Уже зимой, подводя итоги года, секретарь обкома на одном из совещаний назвал такую цифру: из-за слишком ранних сроков сева колхозы и совхозы недобрали пятнадцать миллионов пудов пшеницы.
Верхолазов был отстранен от руководства институтом. Агрономы оживленно дискутировали вопрос о лучших сроках сева. При этом многие уже знали об опытах колхозного ученого Терентия Семеновича Мальцева, который сеет хлеба только во второй половине мая и всегда получает высокий урожай.
И в своих планах на 1950 год агрономы намечали начать сев в первой декаде мая. Но природа сама назначила срок сева. Весна оказалась поздней, и отсеялись к началу июня. Но урожай в области был высокий, даже очень высокий.
Секретаря обкома перевели на другую работу, на его место приехал новый, совершенно не знакомый с условиями Сибири. Очередная весна выдалась снова ранней, сеять начали опять очень рано, и хлеб уродился плохо.
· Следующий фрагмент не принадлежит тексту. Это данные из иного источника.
(* For $\omega>0$ small, $\int Y_0=\tfrac{32}{9}\omega+O(\omega^2)$, where $Y_0=\tfrac12(K_2''-K_1'-2yK_0')$.
   Context: Let $Q_\omega(y)=\sqrt{4/(1+a_\omega\cosh 2y)}$, $a_\omega=\sqrt{1+\tfrac{16}{3}\omega}$, $M_+=-\partial_y^2+1+\tfrac{\omega}{3}Q_\omega^4$, $M_-=-\partial_y^2+1-\omega Q_\omega^4$. For small $\omega>0$, $\alpha=\alpha(\omega)>0$ is smooth with $\alpha=\tfrac89\omega+O(\omega^2)$, $\lambda=1-\alpha^2$, $\kappa=\sqrt{2-\alpha^2}$, and $W_1,W_2$ are smooth real functions, even in $y$, with $M_+W_1=\lambda W_2$, $M_-W_2=\lambda W_1$, and for $j=1,2$, $k\ge0$: $|\partial_y^kW_j|\lesssim\omega^ke^{-\alpha|y|}+\omega e^{-|y|}$, $|\partial_y^k(W_1-W_2)|\lesssim\omega e^{-\kappa|y|}$, $|W_j-e^{-\alpha|y|}|\lesssim\omega e^{-\alpha|y|}$ ($\lesssim$ with constants independent of $\omega,y$). With $U=\partial_y-W_2'/W_2$, $K_2,K_1,K_0$ are the smooth coefficients of the fourth-order operator $K=\partial_y^4-2\partial_y^2+K_2\partial_y^2+K_1\partial_y+K_0+1$ determined by $UM_+M_-=KU$; they satisfy $|\partial_y^kK_i|\lesssim\omega e^{-(\kappa-\alpha)|y|}$. *)

From Stdlib Require Import Reals.
From Coquelicot Require Import Coquelicot.
Open Scope R_scope.

Definition cosh_ (x : R) : R := (exp x + exp (- x)) / 2.

Definition smooth (f : R -> R) : Prop :=
  forall (n : nat) (x : R), ex_derive (Derive_n f n) x.

Definition smooth_on (a b : R) (f : R -> R) : Prop :=
  forall (n : nat) (x : R), a < x < b -> ex_derive (Derive_n f n) x.

Definition a_om (om : R) : R := sqrt (1 + 16 / 3 * om).
Definition Q_om (om y : R) : R := sqrt (4 / (1 + a_om om * cosh_ (2 * y))).

Definition M_plus_op (om : R) (f : R -> R) : R -> R :=
  fun y => - Derive_n f 2 y + f y + om / 3 * (Q_om om y) ^ 4 * f y.
Definition M_minus_op (om : R) (f : R -> R) : R -> R :=
  fun y => - Derive_n f 2 y + f y - om * (Q_om om y) ^ 4 * f y.

Definition Uop (W2 : R -> R) (f : R -> R) : R -> R :=
  fun y => Derive f y - Derive W2 y / W2 y * f y.

Definition Kop (K2 K1 K0 : R -> R) (g : R -> R) : R -> R :=
  fun y => Derive_n g 4 y - 2 * Derive_n g 2 y + K2 y * Derive_n g 2 y
           + K1 y * Derive g y + K0 y * g y + g y.

Definition Y0 (K2 K1 K0 : R -> R) : R -> R :=
  fun y => / 2 * (Derive_n K2 2 y - Derive K1 y - 2 * y * Derive K0 y).

(* Testing the intertwining relation [U M_+ M_- = K U] on [f = 1] and [f = y] expresses
   [K0] through [K2], [K1], [w = W2'/W2] and [q = Q^4].  Substituted into [Y0] this gives
   [Y0 = G' - (2 om / 3) q|_(om=0) + R] with
   [G = K2'/2 - K1/2 - y K0 + 4 w'' - 4 w + 3 om q'] and [R = O(om^2 e^(-|y|))].
   As [W2 ~ e^(-alpha |y|)], [w] tends to [-+ alpha] at [+-oo] while [K_i], [w'], [w''], [q']
   decay, so [G] tends to [+- 4 alpha] and [int G' = 8 alpha = 64/9 om + O(om^2)].
   Since [int q|_(om=0) = int 4 sech^4 = 16/3], [int Y0 = 64/9 om - 32/9 om + O(om^2)]. *)

From Stdlib Require Import Reals Lra Lia Psatz.
From Coquelicot Require Import Coquelicot.
Open Scope R_scope.

(** * Smooth functions *)

Lemma Derive_n_S_inner (f : R -> R) (k : nat) (x : R) :
  Derive_n f (S k) x = Derive_n (Derive f) k x.
Proof.
  revert x; induction k as [|k IH]; intros x; [reflexivity|].
  simpl. apply Derive_ext, IH.
Qed.

Definition ex_derive_upto (n : nat) (f : R -> R) : Prop :=
  forall k, (k <= n)%nat -> forall x, ex_derive (Derive_n f k) x.

Lemma ex_derive_upto_S (n : nat) (f : R -> R) :
  ex_derive_upto (S n) f <-> (forall x, ex_derive f x) /\ ex_derive_upto n (Derive f).
Proof.
  split.
  - intros H. split; [intros x; apply (H 0%nat); lia|].
    intros k Hk x. apply ex_derive_ext with (Derive_n f (S k)).
    + intros t. apply Derive_n_S_inner.
    + apply H. lia.
  - intros [H0 H] [|k] Hk x; [apply H0|].
    apply ex_derive_ext with (Derive_n (Derive f) k).
    + intros t. symmetry. apply Derive_n_S_inner.
    + apply H. lia.
Qed.

Lemma ex_derive_upto_le (n m : nat) (f : R -> R) :
  (m <= n)%nat -> ex_derive_upto n f -> ex_derive_upto m f.
Proof. intros Hmn H k Hk x. apply H. lia. Qed.

Lemma ex_derive_upto_ext (n : nat) (f g : R -> R) :
  (forall t, f t = g t) -> ex_derive_upto n f -> ex_derive_upto n g.
Proof.
  intros E H k Hk x. apply ex_derive_ext with (Derive_n f k).
  - intros t. apply Derive_n_ext, E.
  - apply H, Hk.
Qed.

Lemma ex_derive_upto_plus (n : nat) (f g : R -> R) :
  ex_derive_upto n f -> ex_derive_upto n g -> ex_derive_upto n (fun y => f y + g y).
Proof.
  intros Hf Hg k Hk x.
  apply ex_derive_ext with (fun y => Derive_n f k y + Derive_n g k y).
  - intros t. symmetry. apply Derive_n_plus.
    + apply filter_forall. intros y [|j] Hj; [exact I|]. apply Hf. lia.
    + apply filter_forall. intros y [|j] Hj; [exact I|]. apply Hg. lia.
  - apply (ex_derive_plus (Derive_n f k) (Derive_n g k)); auto.
Qed.

Lemma ex_derive_upto_scal (n : nat) (c : R) (f : R -> R) :
  ex_derive_upto n f -> ex_derive_upto n (fun y => c * f y).
Proof.
  intros Hf k Hk x. apply ex_derive_ext with (fun y => c * Derive_n f k y).
  - intros t. symmetry. apply Derive_n_scal_l.
  - apply ex_derive_scal. auto.
Qed.

Lemma ex_derive_upto_mult (n : nat) (f g : R -> R) :
  ex_derive_upto n f -> ex_derive_upto n g -> ex_derive_upto n (fun y => f y * g y).
Proof.
  revert f g; induction n as [|n IH]; intros f g Hf Hg.
  - intros k Hk x. replace k with 0%nat by lia.
    apply ex_derive_mult; [apply (Hf 0%nat) | apply (Hg 0%nat)]; lia.
  - apply ex_derive_upto_S in Hf as Hf'; destruct Hf' as [Hf0 Hf1].
    apply ex_derive_upto_S in Hg as Hg'; destruct Hg' as [Hg0 Hg1].
    apply ex_derive_upto_S. split; [intros x; apply ex_derive_mult; auto|].
    apply ex_derive_upto_ext with (fun y => Derive f y * g y + f y * Derive g y).
    + intros t. symmetry. apply Derive_mult; auto.
    + apply ex_derive_upto_plus; apply IH; auto;
        apply ex_derive_upto_le with (S n); auto.
Qed.

Lemma ex_derive_upto_inv (n : nat) (g : R -> R) :
  ex_derive_upto n g -> (forall y, g y <> 0) -> ex_derive_upto n (fun y => / g y).
Proof.
  revert g; induction n as [|n IH]; intros g Hg Hnz.
  - intros k Hk x. replace k with 0%nat by lia.
    apply ex_derive_inv; auto. apply (Hg 0%nat). lia.
  - apply ex_derive_upto_S in Hg as Hg'; destruct Hg' as [Hg0 Hg1].
    apply ex_derive_upto_S. split; [intros x; apply ex_derive_inv; auto|].
    apply ex_derive_upto_ext with (fun y => (-1) * Derive g y * (/ g y * / g y)).
    + intros t. rewrite Derive_inv; auto. field. auto.
    + assert (Hinv : ex_derive_upto n (fun y => / g y))
        by (apply IH; auto; apply ex_derive_upto_le with (S n); auto).
      apply ex_derive_upto_mult; [apply ex_derive_upto_scal; auto|].
      apply ex_derive_upto_mult; auto.
Qed.

Lemma smooth_iff_upto (f : R -> R) : smooth f <-> forall n, ex_derive_upto n f.
Proof.
  split.
  - intros H n k _ x. apply H.
  - intros H n x. apply (H n n). lia.
Qed.

Lemma smooth_S (f : R -> R) :
  smooth f <-> (forall x, ex_derive f x) /\ smooth (Derive f).
Proof.
  rewrite !smooth_iff_upto. split.
  - intros H. split; [intros x; apply (H 0%nat 0%nat); lia|].
    intros n. apply (ex_derive_upto_S n f). auto.
  - intros [H0 H] [|n].
    + intros k Hk x. replace k with 0%nat by lia. auto.
    + apply ex_derive_upto_S. auto.
Qed.

Lemma smooth_ext (f g : R -> R) : (forall t, f t = g t) -> smooth f -> smooth g.
Proof.
  rewrite !smooth_iff_upto. intros E H n. apply ex_derive_upto_ext with f; auto.
Qed.

Lemma smooth_plus (f g : R -> R) : smooth f -> smooth g -> smooth (fun y => f y + g y).
Proof. rewrite !smooth_iff_upto. intros; apply ex_derive_upto_plus; auto. Qed.

Lemma smooth_scal (c : R) (f : R -> R) : smooth f -> smooth (fun y => c * f y).
Proof. rewrite !smooth_iff_upto. intros; apply ex_derive_upto_scal; auto. Qed.

Lemma smooth_mult (f g : R -> R) : smooth f -> smooth g -> smooth (fun y => f y * g y).
Proof. rewrite !smooth_iff_upto. intros; apply ex_derive_upto_mult; auto. Qed.

Lemma smooth_inv (g : R -> R) : smooth g -> (forall y, g y <> 0) -> smooth (fun y => / g y).
Proof. rewrite !smooth_iff_upto. intros; apply ex_derive_upto_inv; auto. Qed.

Lemma smooth_const (c : R) : smooth (fun _ => c).
Proof.
  intros [|n] x; [apply ex_derive_const|].
  apply ex_derive_ext with (fun _ => 0); [|apply ex_derive_const].
  intros t. symmetry. apply Derive_n_const.
Qed.

Lemma smooth_Derive (f : R -> R) : smooth f -> smooth (Derive f).
Proof. intros H. apply smooth_S in H. tauto. Qed.

Lemma smooth_Derive_n (f : R -> R) (k : nat) : smooth f -> smooth (Derive_n f k).
Proof.
  intros H n x. apply ex_derive_ext with (Derive_n f (n + k)); [|apply H].
  intros t. symmetry. apply Derive_n_comp.
Qed.

Lemma smooth_continuous (f : R -> R) (n : nat) (x : R) :
  smooth f -> continuous (Derive_n f n) x.
Proof. intros H. apply (ex_derive_continuous (Derive_n f n)), H. Qed.

Lemma smooth_id : smooth (fun y => y).
Proof.
  apply smooth_S. split; [intros; apply ex_derive_id|].
  apply smooth_ext with (fun _ => 1); [|apply smooth_const].
  intros t. symmetry. apply Derive_id.
Qed.

Lemma smooth_exp_scal (c : R) : smooth (fun y => exp (c * y)).
Proof.
  assert (H : forall n x, Derive_n (fun y => exp (c * y)) n x = c ^ n * exp (c * x)).
  { induction n as [|n IH]; intros x; simpl; [ring|].
    rewrite (Derive_ext _ (fun y => c ^ n * exp (c * y))) by apply IH.
    apply is_derive_unique. auto_derive; auto. ring. }
  intros n x. apply ex_derive_ext with (fun y => c ^ n * exp (c * y)).
  - intros t. symmetry. apply H.
  - auto_derive. auto.
Qed.

Lemma Derive_n_id_mult (h : R -> R) (n : nat) (x : R) : smooth h ->
  Derive_n (fun y => y * h y) (S n) x = x * Derive_n h (S n) x + INR (S n) * Derive_n h n x.
Proof.
  intros Hh. revert x; induction n as [|n IH]; intros x.
  - simpl. rewrite Derive_mult; [|apply ex_derive_id | apply (Hh 0%nat)].
    rewrite Derive_id. change (fun y => h y) with h. ring.
  - change (Derive (Derive_n (fun y => y * h y) (S n)) x
      = x * Derive_n h (S (S n)) x + INR (S (S n)) * Derive_n h (S n) x).
    rewrite (Derive_ext _ (fun y => y * Derive_n h (S n) y + INR (S n) * Derive_n h n y))
      by apply IH.
    rewrite Derive_plus, Derive_mult, Derive_scal, Derive_id.
    + change (Derive (Derive_n h ?k) x) with (Derive_n h (S k) x). rewrite !S_INR. ring.
    + apply ex_derive_id.
    + apply Hh.
    + apply ex_derive_mult; [apply ex_derive_id | apply Hh].
    + apply ex_derive_scal, Hh.
Qed.

Lemma Derive_n_const_plus (c : R) (f : R -> R) (n : nat) (x : R) :
  Derive_n (fun y => c + f y) (S n) x = Derive_n f (S n) x.
Proof.
  revert x; induction n as [|n IH]; intros x.
  - simpl. unfold Derive. f_equal. apply Lim_ext. intros h. unfold Rdiv. f_equal. ring.
  - simpl. apply Derive_ext, IH.
Qed.

Lemma Derive_n_affine (c d : R) (f : R -> R) (n : nat) (x : R) :
  Derive_n (fun y => c + d * f y) (S n) x = d * Derive_n f (S n) x.
Proof. rewrite Derive_n_const_plus. apply Derive_n_scal_l. Qed.

Definition log_deriv (f : R -> R) : R -> R := fun y => Derive f y / f y.

Lemma smooth_log_deriv (f : R -> R) : smooth f -> (forall y, f y <> 0) -> smooth (log_deriv f).
Proof.
  intros Hf Hnz. unfold log_deriv, Rdiv.
  apply smooth_mult; [apply smooth_Derive, Hf | apply smooth_inv; auto].
Qed.

(** * Exponential bounds, limits and improper integrals *)

Lemma exp_le (x y : R) : x <= y -> exp x <= exp y.
Proof. intros [H|H]; [left; apply exp_increasing, H | subst; lra]. Qed.

Lemma exp_neg_abs_le (c1 c2 y : R) : c1 <= c2 -> exp (- c2 * Rabs y) <= exp (- c1 * Rabs y).
Proof. intros H. apply exp_le. pose proof (Rabs_pos y). nra. Qed.

Lemma exp_neg_4abs_le (y : R) : exp (- (4) * Rabs y) <= exp (- Rabs y).
Proof. apply exp_le. pose proof (Rabs_pos y). lra. Qed.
Все это пробежало в памяти, и я спросил Соколова, где работает Наливайко.
Соколов поднял голову.
— Наливайко?.. Степан Иванович так и работает лет уже двадцать на испытательном участке в соседнем районе. Ну, и в наш район иногда заглядывает. По старой памяти. С ним очень дружил Иван Сергеевич Козлов — секретарь, про которого я рассказывал. Друг к дружке ездили… А вы что, знаете Степана Ивановича?
Я сказал, что встречался с ним.
— Наш ученый, — проговорил с некоторой торжественностью в голосе Соколов, подчеркивая слово «наш». — Да, наш ученый, — повторил он и подстегнул коня. Тот испуганно рванулся и помчал, разбрызгивая дорожную грязь.
— Вы, Иван Иванович, сорок девятый год помните?
— А кто же его не помнит. Весна была ранняя, как и нынче.
— А тогда вы в какие сроки сеяли?
— В какие Степан Иванович советовал. Только тогда дело совсем другое было. Техники, понимаешь, было много меньше, как ни начинай, а дней двадцать просеешь. Начнешь в ранние сроки и дойдешь до поздних. В среднем-то урожай и терпимый. А теперь при нашей технике можно в десять, а то и в восемь дней посеять. Сунься вот в такую почву — пропал колхоз, без хлеба останется. — Соколов остановил лошадь, вылез из ходка. — Полюбуйтесь, — говорил он уже с полосы.
Я подошел к нему.
— Вы понимаете в агрономии? — спросил Соколов.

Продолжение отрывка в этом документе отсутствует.